O depoimento de Léo Pinheiro foi fundamental para a condenação do ex-presidente. Ele foi usado como base para a denúncia da força-tarefa, que afirmava que o Grupo OAS, presidido pelo empreiteiro, pagou 87,6 milhões de reais em propinas por contratos com a Petrobras. Um porcento desse valor, apontou a força-tarefa da Lava Jato, foi destinado a agentes políticos do PT em uma conta geral de propina que o partido mantinha com a construtora. Desta conta, afirma, teriam saído 2,42 milhões para o caso do Guarujá, referentes à diferença de valor entre o triplex e o apartamento tipo que a família de Lula já tinha comprado no edifício na cota de uma cooperativa e em reformas e bens para o imóvel.

Segundo a reportagem deste domingo, as mensagens dos procuradores vazadas por uma fonte anônima ao Intercept apontam que os relatos feitos por Léo Pinheiro sofreram várias alterações até que as negociações para uma delação premiada avançassem. Inicialmente, a delação de Pinheiro, que já estava condenado a 16 anos de prisão, foi rejeitada. O depoimento dele não servia para condenar Lula, já que ele dizia que as reformas e bens colocados no imóvel tinham o objetivo de agradar o ex-presidente, e não tinham qualquer contrapartida em benesses no Governo.

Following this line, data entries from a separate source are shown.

(* Let $n\ge1$ and let $o_1,\dots,o_n\ge1$ be integers. For each layer $\ell=1,\dots,n$ let $H^{(\ell)}_0\in\mathbb{R}$ and $H^{(\ell)}_j:\mathbb{Z}^j\to\mathbb{R}$, $1\le j\le o_\ell$, be finitely supported kernels. For a signal $x:\mathbb{Z}\to\mathbb{R}$ define $x_0=x$ and $x_\ell=\sum_{j=0}^{o_\ell}H^{(\ell)}_j*x_{\ell-1}^j$ for $\ell=1,\dots,n$. Then $x_n$ has the form of an order-$\prod_{\ell=1}^n o_\ell$ Volterra convolution of $x$: there exist finitely supported kernels $F_k:\mathbb{Z}^k\to\mathbb{R}$, $0\le k\le\prod_{\ell=1}^n o_\ell$ ($F_0\in\mathbb{R}$), not depending on $x$, with $x_n=\sum_{k=0}^{\prod_\ell o_\ell}F_k*x^k$.
   Context: Signals are real functions on $\mathbb{Z}$. For a kernel $H:\mathbb{Z}^n\to\mathbb{R}$ ($n\ge1$) and signals $x_1,\dots,x_n$, the order-$n$ convolution is $(H*[x_1,\dots,x_n])(t)=\sum_{(\tau_1,\dots,\tau_n)\in\mathbb{Z}^n}H(\tau_1,\dots,\tau_n)\prod_{i=1}^n x_i(t-\tau_i)$, and $H*x^n$ denotes $H*[x,\dots,x]$ ($n$ copies). For $n=0$ the kernel is a real number $H_0$ and $H_0*x^0$ is the constant signal with value $H_0$. *)

From HB Require Import structures.
From mathcomp Require Import all_boot all_order all_algebra.
From mathcomp Require Import reals.
Set Implicit Arguments. Unset Strict Implicit. Unset Printing Implicit Defensive.
Import Order.TTheory GRing.Theory Num.Theory.
Local Open Scope ring_scope.

(* A point of Z^n is a finite function 'I_n -> int.  For n = 0 there is a
   single point, so an order-0 kernel is just a real number. *)
Definition zpt (n : nat) := {ffun 'I_n -> int}.

Record fkernel (R : realType) (n : nat) := FKernel {
  kfun : zpt n -> R;
  ksupp : seq (zpt n);
  ksuppP : forall tau, kfun tau != 0 -> tau \in ksupp }.

(* Order-n convolution (H * [x_1,...,x_n])(t)
   = sum_{tau in Z^n} H(tau) prod_i x_i(t - tau_i); the sum is finite
   because H is finitely supported, so we sum over the support list
   (without duplicates). *)
Definition conv (R : realType) (n : nat) (H : fkernel R n)
    (xs : 'I_n -> int -> R) (t : int) : R :=
  \sum_(tau <- undup (ksupp H)) kfun H tau * \prod_(i < n) xs i (t - tau i).

Definition powconv (R : realType) (n : nat) (H : fkernel R n)
    (x : int -> R) : int -> R := conv H (fun _ => x).

Fixpoint layer_out (R : realType) (o : nat -> nat)
    (H : nat -> forall j : nat, fkernel R j) (x : int -> R) (l : nat)
    : int -> R :=
  match l with
  | 0 => x
  | l'.+1 => fun t => \sum_(j < (o l'.+1).+1)
                         powconv (H l'.+1 j) (layer_out o H x l') t
  end.

From HB Require Import structures.
From mathcomp Require Import all_boot all_order all_algebra.
From mathcomp Require Import reals.
Set Implicit Arguments. Unset Strict Implicit. Unset Printing Implicit Defensive.
Import Order.TTheory GRing.Theory Num.Theory.
Local Open Scope ring_scope.

(* Call an operator x |-> f x a Volterra operator of order M if it is a sum
   of convolutions F_k * x^k, k <= M, with finitely supported kernels.  Such
   operators are closed under sums and time shifts, and under products with
   the orders adding up, since (F * x^k)(G * x^m) = (F (x) G) * x^(k+m) for the
   tensor product kernel (F (x) G)(a, b) = F a G b.  A layer sends y to
   sum_j H_j * y^j, a sum of products of j shifted copies of y weighted by
   constants, so it multiplies the order of y by at most o_l; induction on the
   layers gives order prod_l o_l. *)

Definition ztrans n (c : int) (a : zpt n) : zpt n := [ffun i => a i + c].

Lemma ztransK n c : cancel (@ztrans n c) (ztrans (- c)).
Proof. by move=> a; apply/ffunP => i; rewrite !ffunE addrK. Qed.

Lemma ztransNK n c : cancel (@ztrans n (- c)) (ztrans c).
Proof. by move=> a; apply/ffunP => i; rewrite !ffunE subrK. Qed.

Definition zcat k m (a : zpt k) (b : zpt m) : zpt (k + m) :=
  [ffun i => match split i with inl i1 => a i1 | inr i2 => b i2 end].

Definition zlpart {k m} (tau : zpt (k + m)) : zpt k := [ffun i => tau (lshift m i)].
Definition zrpart {k m} (tau : zpt (k + m)) : zpt m := [ffun i => tau (rshift k i)].

Lemma zcat_lshift k m (a : zpt k) (b : zpt m) i : zcat a b (lshift m i) = a i.
Proof. by rewrite ffunE (unsplitK (inl i)). Qed.

Lemma zcat_rshift k m (a : zpt k) (b : zpt m) i : zcat a b (rshift k i) = b i.
Proof. by rewrite ffunE (unsplitK (inr i)). Qed.

Lemma zlpart_zcat k m (a : zpt k) (b : zpt m) : zlpart (zcat a b) = a.
Proof. by apply/ffunP => i; rewrite ffunE zcat_lshift. Qed.

Lemma zrpart_zcat k m (a : zpt k) (b : zpt m) : zrpart (zcat a b) = b.
Proof. by apply/ffunP => i; rewrite ffunE zcat_rshift. Qed.

Lemma zcatK k m (tau : zpt (k + m)) : zcat (zlpart tau) (zrpart tau) = tau.
Proof.
apply/ffunP => i; rewrite ffunE -{2}(splitK i).
by case: (split i) => j; rewrite ffunE.
Qed.

Section Kernels.

Variable R : realType.
Implicit Types (x : int -> R) (t : int).

Lemma conv_uniq_supp n (H : fkernel R n) (xs : 'I_n -> int -> R) t (s : seq (zpt n)) :
    uniq s -> {subset ksupp H <= s} ->
  conv H xs t = \sum_(tau <- s) kfun H tau * \prod_(i < n) xs i (t - tau i).
Proof.
move=> s_uniq supp_s; rewrite /conv [RHS](bigID (mem (undup (ksupp H)))) /=.
rewrite [X in _ = _ + X]big1 ?addr0; last first.
  move=> tau; rewrite mem_undup => tau_supp.
  have [->|/ksuppP tauH] := eqVneq (kfun H tau) 0; first by rewrite mul0r.
  by rewrite tauH in tau_supp.
rewrite -[RHS]big_filter; apply/perm_big/uniq_perm; rewrite ?filter_uniq ?undup_uniq //.
move=> tau; rewrite mem_filter /=; case: (boolP (tau \in undup _)) => //.
by rewrite mem_undup => /supp_s ->.
Qed.

Lemma kzero_suppP n (tau : zpt n) : (0 : R) != 0 -> tau \in [::].
Proof. by rewrite eqxx. Qed.

Definition kzero n : fkernel R n := @FKernel R n (fun=> 0) [::] (@kzero_suppP n).

Lemma powconv_kzero n x t : powconv (kzero n) x t = 0.
Proof. by rewrite /powconv /conv big_nil. Qed.

Lemma kadd_suppP n (A B : fkernel R n) tau :
  kfun A tau + kfun B tau != 0 -> tau \in ksupp A ++ ksupp B.
Proof.
rewrite mem_cat; have [A0|/ksuppP -> //] := eqVneq (kfun A tau) 0.
by rewrite A0 add0r => /ksuppP ->; rewrite orbT.
Qed.

Definition kadd n (A B : fkernel R n) : fkernel R n :=
  FKernel (@kadd_suppP n A B).

Lemma powconv_kadd n (A B : fkernel R n) x t :
  powconv (kadd A B) x t = powconv A x t + powconv B x t.
Proof.
have AB_uniq := undup_uniq (ksupp A ++ ksupp B).
rewrite /powconv !(conv_uniq_supp _ _ AB_uniq) /=; last 3 first.
- by move=> tau tauB; rewrite mem_undup mem_cat tauB orbT.
- by move=> tau tauA; rewrite mem_undup mem_cat tauA.
- by move=> tau; rewrite mem_undup.
by rewrite -big_split; apply: eq_bigr => tau _; rewrite mulrDl.
Qed.

Lemma kconst_suppP (c : R) (tau : zpt 0) : c != 0 -> tau \in [:: [ffun=> 0]].
Proof. by rewrite mem_seq1 => _; apply/eqP/ffunP => -[]. Qed.

Definition kconst (c : R) : fkernel R 0 :=
  @FKernel R 0 (fun=> c) [:: [ffun=> 0]] (@kconst_suppP c).

Lemma powconv_kconst c x t : powconv (kconst c) x t = c.
Proof.
rewrite /powconv (@conv_uniq_supp _ _ _ _ [:: [ffun=> 0]]) //.
by rewrite big_seq1 big_ord0 mulr1.
Qed.

Lemma kdelta_suppP (tau : zpt 1) :
  (if tau == [ffun=> 0] then 1 else 0 : R) != 0 -> tau \in [:: [ffun=> 0]].
Proof. by rewrite mem_seq1; case: ifP => // _; rewrite eqxx. Qed.

Definition kdelta : fkernel R 1 :=
  @FKernel R 1 (fun tau => if tau == [ffun=> 0] then 1 else 0) [:: [ffun=> 0]] kdelta_suppP.

Lemma powconv_kdelta x t : powconv kdelta x t = x t.
Proof.
rewrite /powconv (@conv_uniq_supp _ _ _ _ [:: [ffun=> 0]]) //.
by rewrite big_seq1 /= eqxx mul1r big_ord1 ffunE subr0.
Qed.

Lemma kshift_suppP n (c : int) (A : fkernel R n) tau :
  kfun A (ztrans (- c) tau) != 0 -> tau \in map (ztrans c) (ksupp A).
Proof. by move=> /ksuppP tauA; rewrite -[tau](ztransNK c) map_f. Qed.

Definition kshift n (c : int) (A : fkernel R n) : fkernel R n :=
  FKernel (@kshift_suppP n c A).

Lemma powconv_kshift n c (A : fkernel R n) x t :
  powconv (kshift c A) x t = powconv A x (t - c).
Proof.
have shift_uniq : uniq (map (ztrans c) (undup (ksupp A))).
  by rewrite (map_inj_uniq (can_inj (@ztransK n c))) undup_uniq.
rewrite /powconv (conv_uniq_supp _ _ shift_uniq); last first.
  by move=> tau /mapP [a aA ->]; rewrite map_f // mem_undup.
rewrite big_map; apply: eq_bigr => a _ /=; rewrite ztransK; congr (_ * _).
by apply: eq_bigr => i _; rewrite ffunE opprD addrA addrAC.
Qed.

Lemma kmul_suppP k m (A : fkernel R k) (B : fkernel R m) tau :
  kfun A (zlpart tau) * kfun B (zrpart tau) != 0 ->
  tau \in [seq zcat a b | a <- ksupp A, b <- ksupp B].
Proof.
rewrite mulf_eq0 negb_or => /andP [/ksuppP tauA /ksuppP tauB].
by rewrite -(zcatK tau) allpairs_f.
Qed.

Definition kmul k m (A : fkernel R k) (B : fkernel R m) : fkernel R (k + m) :=
  FKernel (@kmul_suppP k m A B).

Lemma powconv_kmul k m (A : fkernel R k) (B : fkernel R m) x t :
  powconv (kmul A B) x t = powconv A x t * powconv B x t.
Proof.
have cat_uniq : uniq [seq zcat a b | a <- undup (ksupp A), b <- undup (ksupp B)].
  apply: allpairs_uniq; rewrite ?undup_uniq // => -[a b] [a' b'] _ _ /= ab_eq.
  have := congr1 zlpart ab_eq; have := congr1 zrpart ab_eq.
  by rewrite !zlpart_zcat !zrpart_zcat => -> ->.
rewrite /powconv (conv_uniq_supp _ _ cat_uniq); last first.
  by move=> tau /allpairsP [[a b] /= [aA bB ->]]; rewrite allpairs_f // mem_undup.
rewrite big_allpairs_dep /= mulr_suml; apply: eq_bigr => a _.
rewrite mulr_sumr; apply: eq_bigr => b _.
rewrite zlpart_zcat zrpart_zcat big_split_ord /=.
under eq_bigr do rewrite zcat_lshift.
under [X in _ * (_ * X) = _]eq_bigr do rewrite zcat_rshift.
by rewrite mulrACA.
Qed.

Definition ksingle j (G : fkernel R j) (k : nat) : fkernel R k :=
  if j =P k is ReflectT e then eq_rect j (fkernel R) G k e else kzero k.

End Kernels.

Arguments kzero {R n}.
Arguments kdelta {R}.

Section VolterraOperators.

Variable R : realType.
Implicit Types (f g : (int -> R) -> int -> R) (M N : nat).

Definition volterra M f : Prop :=
  exists F : forall k : nat, fkernel R k,
    forall x t, f x t = \sum_(k < M.+1) powconv (F k) x t.

Lemma volterra_ext M f g : volterra M f -> (forall x t, f x t = g x t) -> volterra M g.
Proof. by move=> [F fF] fg; exists F => x t; rewrite -fg fF. Qed.

Lemma volterra_widen M M' f : (M <= M')%N -> volterra M f -> volterra M' f.
Proof.
move=> leMM' [F fF]; exists (fun k => if (k <= M)%N then F k else kzero) => x t.
rewrite fF (big_ord_widen _ (fun k => powconv (F k) x t) (leMM' : (M < M'.+1)%N)).
rewrite [RHS](bigID (fun k : 'I_M'.+1 => (k < M.+1)%N)) /= [X in _ = _ + X]big1 ?addr0.
  by apply: eq_bigr => k; rewrite ltnS => ->.
by move=> k; rewrite ltnS => /negbTE ->; rewrite powconv_kzero.
Qed.

Lemma volterra_powconv j (G : fkernel R j) : volterra j (powconv G).
Proof.
exists (ksingle G) => x t; rewrite big_ord_recr /= big1 ?add0r => [|k _].
  by rewrite /ksingle; case: eqP => // e; rewrite (eq_irrelevance e erefl).
rewrite /ksingle; case: eqP => [e|_]; last exact: powconv_kzero.
by exfalso; have := ltn_ord k; rewrite -e ltnn.
Qed.

Lemma volterra_const M (c : R) : volterra M (fun _ _ => c).
Proof.
apply: (volterra_widen (leq0n M)).
by apply: (volterra_ext (volterra_powconv (kconst c))) => x t; rewrite powconv_kconst.
Qed.

Lemma volterra_add M f g :
  volterra M f -> volterra M g -> volterra M (fun x t => f x t + g x t).
Proof.
move=> [F fF] [G gG]; exists (fun k => kadd (F k) (G k)) => x t.
by rewrite fF gG -big_split; apply: eq_bigr => k _; rewrite powconv_kadd.
Qed.

Lemma volterra_sum M (I : Type) (r : seq I) (F : I -> (int -> R) -> int -> R) :
  (forall i, volterra M (F i)) -> volterra M (fun x t => \sum_(i <- r) F i x t).
Proof.
move=> FM; elim: r => [|i r IHr].
  by apply: (volterra_ext (volterra_const M 0)) => x t; rewrite big_nil.
by apply: (volterra_ext (volterra_add (FM i) IHr)) => x t; rewrite big_cons.
Qed.

Lemma volterra_mul M N f g :
  volterra M f -> volterra N g -> volterra (M + N) (fun x t => f x t * g x t).
Proof.
move=> [F fF] [G gG].
pose FG x t := \sum_(k < M.+1) \sum_(m < N.+1) powconv (kmul (F k) (G m)) x t.
apply: (@volterra_ext _ FG) => [|x t].
  apply: volterra_sum => k; apply: volterra_sum => m.
  by apply: volterra_widen (volterra_powconv _); rewrite leq_add // -ltnS.
rewrite fF gG mulr_suml; apply: eq_bigr => k _.
by rewrite mulr_sumr; apply: eq_bigr => m _; rewrite powconv_kmul.
Qed.

Lemma volterra_shift M f (c : int) : volterra M f -> volterra M (fun x t => f x (t - c)).
Proof.
move=> [F fF]; exists (fun k => kshift c (F k)) => x t.
by rewrite fF; apply: eq_bigr => k _; rewrite powconv_kshift.
Qed.

Lemma volterra_prod N j (F : 'I_j -> (int -> R) -> int -> R) :
  (forall i, volterra N (F i)) -> volterra (j * N) (fun x t => \prod_(i < j) F i x t).
Proof.
elim: j F => [|j IHj] F FN.
  by apply: (volterra_ext (volterra_const _ 1)) => x t; rewrite big_ord0.
rewrite mulSnr; apply: (volterra_ext (volterra_mul (IHj _ (fun i => FN _)) (FN ord_max))).
by move=> x t; rewrite big_ord_recr.
Qed.

Lemma volterra_powconv_comp N j (K : fkernel R j) g :
  volterra N g -> volterra (j * N) (fun x => powconv K (g x)).
Proof.
move=> gN; apply: volterra_sum => tau; rewrite -[(j * N)%N]add0n.
apply: volterra_mul; first exact: volterra_const.
by apply: (@volterra_prod N j (fun i x t => g x (t - tau i))) => i; apply: volterra_shift.
Qed.

Lemma volterra_layer_out (o : nat -> nat) (H : nat -> forall j : nat, fkernel R j) n :
  volterra (\prod_(1 <= l < n.+1) o l) (fun x => layer_out o H x n).
Proof.
elim: n => [|n IHn].
  rewrite big_geq //; apply: (volterra_ext (volterra_powconv kdelta)) => x t.
  by rewrite powconv_kdelta.
rewrite big_nat_recr //=; apply: volterra_sum => j.
apply: volterra_widen (volterra_powconv_comp (H n.+1 j) IHn).
by rewrite mulnC leq_mul2l -ltnS ltn_ord orbT.
Qed.

End VolterraOperators.

Theorem lemma16 (R : realType) (n : nat) (o : nat -> nat)
    (H : nat -> forall j : nat, fkernel R j) :
  (1 <= n)%N ->
  (forall l : nat, (1 <= l <= n)%N -> (1 <= o l)%N) ->
  exists F : forall k : nat, fkernel R k,
    forall (x : int -> R) (t : int),
      layer_out o H x n t =
      \sum_(k < (\prod_(1 <= l < n.+1) o l)%N.+1) powconv (F k) x t.
Proof. by move=> _ _; exact: volterra_layer_out. Qed.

Na época, a versão foi considerada pouco crível pelos acusadores da força-tarefa.

Pinheiro, nesta época, aguardava seu recurso no Tribunal Regional Federal da 4ª Região (TRF) em liberdade, mas temia perder e ser preso. Os advogados chegaram a perguntar se, diante da iminência da entrega de novos anexos, seria possível adiar a audiência de apelação, mas os procuradores disseram que o acordo com eles não interferia no andamento judicial. Em 20 de abril de 2016, mensagens dos procuradores revelam este bastidor. Januário Paludo escreveu: “Acho que tem que prender o Leo Pinheiro. Eles falam pouco. Quer dizer, acho que tem que deixar o TRF prender”.

Em 21 de julho do mesmo ano, o procurador Athayde Ribeiro Costa afirma ao grupo de procuradores: [os advogados] entregaram os anexos e pediram assinatura do acordo de confidencialidade. Negamos por insuficiência dos anexos e omissão de vários temas. A versão apresentada também é ruim para vários casos. “Roberson Pozzobon, então, respondeu: “Na última reunião dissemos que eles precisariam melhorar consideravelmente os anexos. Eles falaram que melhorariam e os trariam hoje”. O termo de confidencialidade, passo para a delação, foi assinado em agosto, um dia antes de a revista Veja trazer detalhes do depoimento de Pinheiro, que afirmavam que a delação da OAS citava o ministro do Supremo Dias Toffoli. Com o vazamento, alguns procuradores chegaram a defender que o acordo com Léo Pinheiro fosse suspenso, para evitar atritos com o STF.

Em 20 de agosto, o coordenador da força-tarefa Deltan Dallagnol se manifestou: “Não sei se os anexos evoluíram. Se estiverem uma porcaria ainda, aí tudo bem. Mas se os anexos estiverem bons, acho que não é o caso. Salvo engano, ainda, trazem PSDB como nenhum que fechamos trouxe. Até fecharmos algo bom do PSDB, não dá pra descartar.” A procuradora Anna Carolina Resende Maia Garcia respondeu:” Essa manobra deles pode nos custar muito caro. O STF vai se fechar e vão acabar com nossos acordos. Não acho que o risco valha a pena. Temos que sinalizar claramente que não vamos ser usados.” Depois, continuou: “Os anexos da OAS não valem isso. Na minha visão, são muito ruins, o advogado [da empresa] é mau caráter e Léo Pinheiro é o empreiteiro com mais prova contra si”.